She closes her eyes now, and waits. Inhale/exhale, meditative.

At four hundred and sixty-five Mississipis, there’s a knock on the door. Carolyn always knocks _one_ , _two_ , _three_ , a measured beat. They don’t have a code -- how ridiculous, how secret clubhouse -- but they don't need one. No one else on Earth knocks like Eve’s handler, all efficiency intermingled with calculated patience.

It’s a strange thing to notice about a person, perhaps, but then, Eve is the sort of person who notices strange things.

She stands, flips the switch, blinks at the sudden honey glow, and opens the door. “Room service?” she asks, too casual, like they’re in a Bond flick, like this is some grand and illicit meeting.

The very corner of Carolyn’s mouth quirks up, perfunctory.

Getting a genuine smile from Carolyn, Eve’s sure, is a numbers game. One of these days, some stupid comment, randomly flung, will hit the mark. Not today, though.

Carolyn moves quickly past Eve, finds her way to the couch and sits right on the edge. She keeps her back straight, doesn’t relax, as if how comfortable the cushions are is almost an offense, a temptation leading her astray that she certainly won’t indulge in.

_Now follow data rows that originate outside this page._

(* There is no exhaustive strategy-proof PB algorithm $G$ and constant $\alpha>\frac{2}{3}$ such that $\min_{i\in N}u_i(G(I))\ge\alpha\cdot OPT(I)$ for every PB instance $I$ in which every project has cost $1$ and every approval vote is a knapsack vote (i.e., $c(A_i)\le b$ for all $i$). Here $OPT(I)=\max_{S\subseteq P,\,c(S)\le b}\min_{i\in N}u_i(S)$.
   Context: A PB instance is $I=\langle N,P,c,b,\mathcal{A}\rangle$ with voters $N=\{1,\dots,n\}$, projects $P$, costs $c:P\to\mathbb{N}$, budget $b\in\mathbb{N}$, and approval sets $A_i\subseteq P$. $c(S)=\sum_{p\in S}c(p)$; $S$ is feasible if $c(S)\le b$; $u_i(S)=c(S\cap A_i)$. A PB algorithm $G$ maps every instance to a single feasible set $G(I)$. $G$ is strategy-proof if for every instance, every voter $i$ and every $S\subseteq P$, $c(A_i\cap G(A_i,\mathcal{A}_{-i}))\ge c(A_i\cap G(S,\mathcal{A}_{-i}))$, where $(S,\mathcal{A}_{-i})$ denotes the profile obtained by replacing $A_i$ with $S$ and keeping all other votes and $N,P,c,b$ fixed. $G$ is exhaustive if for every instance $I$ and every $p\notin G(I)$, $c(p)+c(G(I))>b$. *)

From HB Require Import structures.
From mathcomp Require Import all_boot all_order all_algebra.
From mathcomp Require Import reals.

Set Implicit Arguments.
Unset Strict Implicit.
Unset Printing Implicit Defensive.

Record instance := Inst {
  nv : nat;
  np : nat;
  cost : 'I_np -> nat;
  budget : nat;
  votes : 'I_nv -> {set 'I_np}
}.
Arguments cost : clear implicits.
Arguments budget : clear implicits.
Arguments votes : clear implicits.

Definition csum (I : instance) (S : {set 'I_(np I)}) : nat :=
  \sum_(p in S) cost I p.

Definition feasible (I : instance) (S : {set 'I_(np I)}) : bool :=
  csum S <= budget I.

Definition util (I : instance) (i : 'I_(nv I)) (S : {set 'I_(np I)}) : nat :=
  csum (S :&: votes I i).

(* min_{i in N} u_i(S) (the identity c(P) is an upper bound of every u_i(S),
   so this is the true minimum whenever N is nonempty). *)
Definition minutil (I : instance) (S : {set 'I_(np I)}) : nat :=
  \big[minn/csum [set: 'I_(np I)]]_(i : 'I_(nv I)) util i S.

Definition OPT (I : instance) : nat :=
  \max_(S : {set 'I_(np I)} | feasible S) minutil S.

Definition deviate (I : instance) (i : 'I_(nv I)) (S : {set 'I_(np I)}) : instance :=
  @Inst (nv I) (np I) (cost I) (budget I)
        (fun j => if j == i then S else votes I j).

Definition algorithm := forall I : instance, {set 'I_(np I)}.

Definition is_PB_algorithm (G : algorithm) : Prop :=
  forall I, feasible (G I).

Definition strategy_proof (G : algorithm) : Prop :=
  forall (I : instance) (i : 'I_(nv I)) (S : {set 'I_(np I)}),
    csum (votes I i :&: G (deviate i S)) <= csum (votes I i :&: G I).

Definition exhaustive (G : algorithm) : Prop :=
  forall (I : instance) (p : 'I_(np I)),
    p \notin G I -> budget I < cost I p + csum (G I).

Definition unit_costs (I : instance) : Prop := forall p, cost I p = 1.

Definition knapsack_votes (I : instance) : Prop :=
  forall i, csum (votes I i) <= budget I.

(* Take three unit-cost projects a, b, c, budget 2, and the profile where
   voter a approves {b, c}, voter b approves {a, c} and voter c approves {c}.
   If voter a instead reports {b}, the set {b, c} gives every voter positive
   utility, so OPT >= 1 and any approximation with alpha > 0 must fund the
   singleton votes b and c; voter a then gets utility 2, and strategy-proofness
   forces {b, c} to be funded in the original profile.  Symmetrically (voter b
   reporting {a}) {a, c} is funded, so all three projects are, exceeding the
   budget. *)
From HB Require Import structures.
From mathcomp Require Import all_boot all_order all_algebra.
From mathcomp Require Import reals.
Import Order.TTheory GRing.Theory Num.Theory.

Set Implicit Arguments.
Unset Strict Implicit.
Unset Printing Implicit Defensive.

Lemma csum_unit (I : instance) (S : {set 'I_(np I)}) :
  unit_costs I -> csum S = #|S|.
Proof. by move=> unitI; rewrite /csum (eq_bigr (fun _ => 1%N)) ?sum1_card. Qed.

Lemma minutil_le_OPT (I : instance) (S : {set 'I_(np I)}) :
  feasible S -> minutil S <= OPT I.
Proof. exact: leq_bigmax_cond. Qed.

Lemma minutil_gt0 (I : instance) (S : {set 'I_(np I)}) :
  0 < csum [set: 'I_(np I)] -> (forall i, 0 < util i S) -> 0 < minutil S.
Proof.
move=> csumT_gt0 util_gt0; apply: (big_ind (fun m => 0 < m)) => //.
by move=> m n m_gt0 n_gt0; rewrite leq_min m_gt0.
Qed.

Lemma util_gt0_unit (I : instance) (i : 'I_(nv I)) (S : {set 'I_(np I)}) :
  unit_costs I -> (0 < util i S) = (S :&: votes I i != set0).
Proof. by move=> unitI; rewrite /util csum_unit // card_gt0. Qed.

Lemma mem_of_util_gt0 (I : instance) (i : 'I_(nv I)) (S : {set 'I_(np I)}) x :
  votes I i = [set x] -> 0 < util i S -> x \in S.
Proof.
move=> votes_i; apply: contraTT => xNS; rewrite /util.
suff -> : S :&: votes I i = set0 by rewrite /csum big_set0.
apply/setP => y; rewrite votes_i !inE; apply/andP => -[yS /eqP yx].
by rewrite -yx yS in xNS.
Qed.

Lemma strategy_proof_subset (G : algorithm) (I : instance) (i : 'I_(nv I))
    (S : {set 'I_(np I)}) :
  strategy_proof G -> unit_costs I ->
  votes I i \subset G (deviate i S) -> votes I i \subset G I.
Proof.
move=> spG unitI /setIidPl votes_dev.
have := spG I i S; rewrite !csum_unit // votes_dev => card_le.
by apply/setIidPl/eqP; rewrite eqEcard subsetIl.
Qed.

Lemma setC1_card3 (T : finType) (x y z : T) :
  #|T| = 3 -> x != y -> x != z -> y != z -> [set~ x] = [set y; z].
Proof.
move=> cardT xy xz yz; apply/esym/eqP.
rewrite eqEcard cardsC1 cards2 yz cardT andbT.
by apply/subsetP => w; rewrite !inE => /orP[] /eqP ->; rewrite eq_sym.
Qed.

Definition pa : 'I_3 := @Ordinal 3 0 isT.
Definition pb : 'I_3 := @Ordinal 3 1 isT.
Definition pc : 'I_3 := @Ordinal 3 2 isT.

Definition votes0 (j : 'I_3) : {set 'I_3} :=
  if j == pc then [set pc] else [set~ j].

Definition I0 : instance := @Inst 3 3 (fun _ => 1%N) 2 votes0.

Lemma pc_in_votes0 (j : 'I_3) : pc \in votes0 j.
Proof. by rewrite /votes0; case: eqP => [_|/eqP]; rewrite !inE // eq_sym. Qed.

Lemma card_votes0 (j : 'I_3) : #|votes0 j| <= 2.
Proof. by rewrite /votes0; case: ifP; rewrite ?cards1 ?cardsC1 ?card_ord. Qed.

Section Approximation.

Variables (R : realType) (G : algorithm) (alpha : R).
Hypothesis alpha_gt0 : (0 < alpha)%R.
Hypothesis spG : strategy_proof G.
Hypothesis G_approx : forall I : instance, unit_costs I -> knapsack_votes I ->
  forall i : 'I_(nv I), (alpha * (OPT I)%:R <= (util i (G I))%:R)%R.

Lemma singleton_vote_mem (I : instance) (i : 'I_(nv I)) x :
  unit_costs I -> knapsack_votes I -> 0 < OPT I ->
  votes I i = [set x] -> x \in G I.
Proof.
move=> unitI knapI OPT_gt0 votes_i; apply: (mem_of_util_gt0 votes_i).
rewrite -(ltr0n R); apply: lt_le_trans (G_approx unitI knapI i).
by rewrite mulr_gt0 ?ltr0n.
Qed.

Lemma setC1_subset_G0 (x y : 'I_3) :
  x != y -> x != pc -> y != pc -> [set~ x] \subset G I0.
Proof.
move=> xy xc yc; pose I1 := deviate (I := I0) x [set y].
have unit1 : unit_costs I1 by [].
have knap1 : knapsack_votes I1.
  move=> j; rewrite csum_unit //= /deviate /=.
  by case: ifP; rewrite ?cards1 ?card_votes0.
have votes1 (j : 'I_3) : votes I1 j = if j == x then [set y] else votes0 j by [].
have feas1 : feasible (I := I1) [set y; pc].
  by rewrite /feasible csum_unit // cards2 yc.
have OPT1_gt0 : 0 < OPT I1.
  apply: leq_trans (minutil_le_OPT feas1); apply: minutil_gt0 => [|j].
    by rewrite csum_unit // cardsT card_ord.
  rewrite util_gt0_unit //; apply/set0Pn.
  rewrite votes1; case: eqP => _; [exists y | exists pc];
    by rewrite !inE ?eqxx ?orbT ?pc_in_votes0.
have GyC := setC1_card3 (card_ord 3) xy xc yc.
have votes0x : votes I0 x = [set~ x] by rewrite /= /votes0 (negbTE xc).
rewrite -votes0x.
apply: (strategy_proof_subset (I := I0) (i := x) (S := [set y]) spG) => //.
rewrite votes0x GyC; apply/subsetP => p; rewrite !inE.
case/orP => /eqP ->.
  by apply: (singleton_vote_mem (I := I1) (i := x)); rewrite // votes1 eqxx.
apply: (singleton_vote_mem (I := I1) (i := pc)) => //.
by rewrite votes1 eq_sym (negbTE xc) /votes0 eqxx.
Qed.

End Approximation.

Local Open Scope ring_scope.

Theorem theorem5 (R : realType) :
  ~ exists (G : algorithm) (alpha : R),
      [/\ is_PB_algorithm G, exhaustive G, strategy_proof G,
          2%:R / 3%:R < alpha &
          forall I : instance, unit_costs I -> knapsack_votes I ->
            forall i : 'I_(nv I),
              alpha * (OPT I)%:R <= (util i (G I))%:R].
Proof.
case=> G [alpha [feasG _ spG lt_alpha G_approx]].
have alpha_gt0 : 0 < alpha by apply: lt_trans lt_alpha; rewrite divr_gt0 ?ltr0n.
have Ga := setC1_subset_G0 alpha_gt0 spG G_approx (x := pa) (y := pb) isT isT isT.
have Gb := setC1_subset_G0 alpha_gt0 spG G_approx (x := pb) (y := pa) isT isT isT.
have GT : G I0 = [set: 'I_3].
  apply/eqP; rewrite eqEsubset subsetT; apply/subsetP => p _.
  have [<-|pa_p] := eqVneq pa p; [apply: (subsetP Gb) | apply: (subsetP Ga)];
    by rewrite !inE // eq_sym.
by have := feasG I0; rewrite /feasible csum_unit // GT cardsT card_ord.
Qed.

Eve wonders if Carolyn went to some kind of finishing school. If it was the horror-story sort where they had their slumped shoulders slapped with rulers, or had to hold fixed smiles until their teeth ached, until perfection went from conditioned to innate.

But maybe Carolyn was born like this, impassive and proper to the nth degree. Eve envies her that elegance -- envies the ease of it. She drops down on the other couch, too aware of herself in Carolyn’s presence, but less aware than she used to be. Progress.

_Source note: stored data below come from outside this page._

Lemma eps_pow2_le_fact k eps t : (2 <= k)%nat -> 0 < eps ->
  Rpower (4 * eps / lambda k) (/ INR k) <= t ->
  0 < t /\ eps * 2 ^ k <= INR (fact (k - 1)) * t ^ k.
Proof.
  intros Hk Heps Ht.
  destruct (lambda_mul_pow2 k Hk) as [m [Hm [Hm0 Hmk]]].
  assert (H2 : 0 < 2 ^ (k - 2)) by (apply pow_lt; lra).
  assert (Hlam : 0 < lambda k).
  { apply lt_INR in Hm0. simpl in Hm0. rewrite <- Hm in Hm0. nra. }
  assert (Hpos : 0 < Rpower (4 * eps / lambda k) (/ INR k)) by apply exp_pos.
  split; [lra|].
  assert (Hpow : 4 * eps / lambda k <= t ^ k).
  { apply Rpower_inv_le_pow; [|lia|exact Ht]. apply Rdiv_lt_0_compat; lra. }
  assert (Hfact : lambda k * 2 ^ (k - 2) <= INR (fact (k - 1))) by (rewrite Hm; apply le_INR, Hmk).
  assert (Htk : 0 <= t ^ k) by (apply pow_le; lra).
  replace (2 ^ k) with (4 * 2 ^ (k - 2))
    by (replace k with (2 + (k - 2))%nat at 2 by lia; rewrite pow_add; simpl; ring).
  apply (Rmult_le_compat_r (lambda k)) in Hpow; [|lra].
  replace (4 * eps / lambda k * lambda k) with (4 * eps) in Hpow by (field; lra).
  nra.
Qed.

(** * Matching the nodes with the roots *)

Lemma sorted_gap_dist k (x : nat -> R) t :
  (forall i, (S i < k)%nat -> t <= x (S i) - x i) ->
  forall i j, (i < k)%nat -> (j < k)%nat -> INR (nat_dist i j) * t <= Rabs (x i - x j).
Proof.
  intros Hgap.
  assert (Hle : forall i j, (i <= j)%nat -> (j < k)%nat -> INR (j - i) * t <= x j - x i).
  { intros i j Hij Hj. induction j as [|j IH].
    - assert (i = 0%nat) by lia. subst i. simpl. lra.
    - destruct (Nat.eq_dec i (S j)) as [->|Hne].
      + rewrite Nat.sub_diag. simpl. lra.
      + replace (S j - i)%nat with (S (j - i)) by lia. rewrite S_INR.
        specialize (IH ltac:(lia) ltac:(lia)). specialize (Hgap j Hj). lra. }
  intros i j Hi Hj. unfold nat_dist. destruct (le_lt_dec i j) as [Hij|Hji].
  - replace (i - j + (j - i))%nat with (j - i)%nat by lia.
    rewrite Rabs_minus_sym. specialize (Hle i j Hij Hj). pose proof (Rle_abs (x j - x i)). lra.
  - replace (i - j + (j - i))%nat with (i - j)%nat by lia.
    specialize (Hle j i ltac:(lia) Hi). pose proof (Rle_abs (x i - x j)). lra.
Qed.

“How did it go with Broux?” Carolyn asks.

Eve tilts her head. Remembers, suddenly, that she’s still got her hair twisted up in a towel, when she and Carolyn really aren’t at that level of casual with one another. She removes it, sets it down and lets her hair fall damp, but makes no mention of it, and neither does Carolyn. Eve doesn’t stutter through awkward apologies anymore for things like this. Carolyn doesn’t weather excuses well, would rather Eve met her eye than bent over backwards.

“Fine,” Eve answers. “He was alone. I was in and out in ten minutes. Less.”

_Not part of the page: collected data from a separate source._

Lemma forcing_gap_persists eps : 0 < eps -> exists2 h, 0 < h & forall x1 x2 t0,
  drive_sol c W I x1 -> drive_sol c W I x2 ->
  (forall t, 0 <= t -> Lx (x1 t)) -> (forall t, 0 <= t -> Lx (x2 t)) ->
  0 <= t0 -> eps < enorm (x1 t0 - x2 t0) ->
  exists i, forall t, t0 <= t <= t0 + h -> L * eps / 6 <= `|g (x1 t) i 0 - g (x2 t) i 0|.
Proof.
move=> eps0; have kap0 : 0 < L * eps / 3 by rewrite divr_gt0 ?mulr_gt0.
have kap4 : 0 < L * eps / 3 / 4 by rewrite divr_gt0.
have [h h0 slow] := forcing_slowly_varying _ kap4.
exists h => [|x1 x2 t0 dx1 dx2 Lx1 Lx2 t00 sep]; first by [].
have gap0 : L * eps / 3 < `|g (x1 t0) - g (x2 t0)|.
  have := g_expanding _ _ (Lx1 _ t00) (Lx2 _ t00).
  have := enorm_le_mx_norm (g (x1 t0) - g (x2 t0)).
  have : L * eps < L * enorm (x1 t0 - x2 t0) by rewrite ltr_pM2l.
  lra.
have [i gap0_i] : exists i, L * eps / 3 < `|g (x1 t0) i 0 - g (x2 t0) i 0|.
  apply: contrapT => /forallNP small; move: gap0; apply/negP; rewrite -leNgt.
  apply: mx_norm_le => [|k j]; first exact: ltW.
  by rewrite (ord1 j) !mxE leNgt; apply/negP/small.
exists i => t tI.
have move1 := le_lt_trans (mx_norm_entry_le _ i 0) (slow x1 dx1 Lx1 t0 t t00 tI).
have move2 := le_lt_trans (mx_norm_entry_le _ i 0) (slow x2 dx2 Lx2 t0 t t00 tI).
rewrite !mxE in move1 move2.
set a := g (x1 t) i 0 - g (x1 t0) i 0 in move1.
set b := g (x2 t) i 0 - g (x2 t0) i 0 in move2.
have -> : g (x1 t) i 0 - g (x2 t) i 0 = (g (x1 t0) i 0 - g (x2 t0) i 0) + (a - b).
  by rewrite /a /b; ring.
by have := lerB_normD (g (x1 t0) i 0 - g (x2 t0) i 0) (a - b); have := ler_normB a b; lra.
Qed.

Hypothesis lam0 : lam != 0.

Carolyn nods. “Good. That’s good.”

Eve has two rules about her kills. The first is that she never attacks a target from behind. She can’t cry honour, not being an assassin, but it’s just -- manners, she supposes. Something wouldn’t sit right if they didn’t see her face, didn’t have a suspended moment in which to understand.

That feeds into her second rule.

“We have another mark for you,” Carolyn says, tone just slightly rueful. “For Wednesday. I know it’s not much downtime --”

“I don’t mind.” Murder-for-hire is really all about location -- it’s taken her all over the world. Eve usually likes a few days off between jobs to explore where she is, to try the food, to narrow the scope of her sprawling life into something kitschy and simple and touristy. But Eve’s not really a fan of Brussels. She’s been before. The coffee is too expensive, and she did a lap around the landmarks back in October.

Carolyn slips her phone out of her pocket and fiddles with it, then holds it out so Eve can see her screen: a man’s picture, likely a profile from his social media; it’s head and shoulders. “Michael Pelt.” He’s mid-fifties -- grey hair, grey eyes, a slack sort of face. “He uses online chat-rooms to set up meets with underage girls.”

Because that’s Eve’s second rule. She doesn’t kill just _anybody_. There’s got to be a reason. So when they see her, there’s something in that suspended moment for them to understand.

Not to repent, necessarily. These sorts of men and women are mostly alien to regret. But to know why, why them and now and like this _._

Eve isn’t so deluded as to imagine herself judge and executioner. She doesn’t decide if they really deserve it.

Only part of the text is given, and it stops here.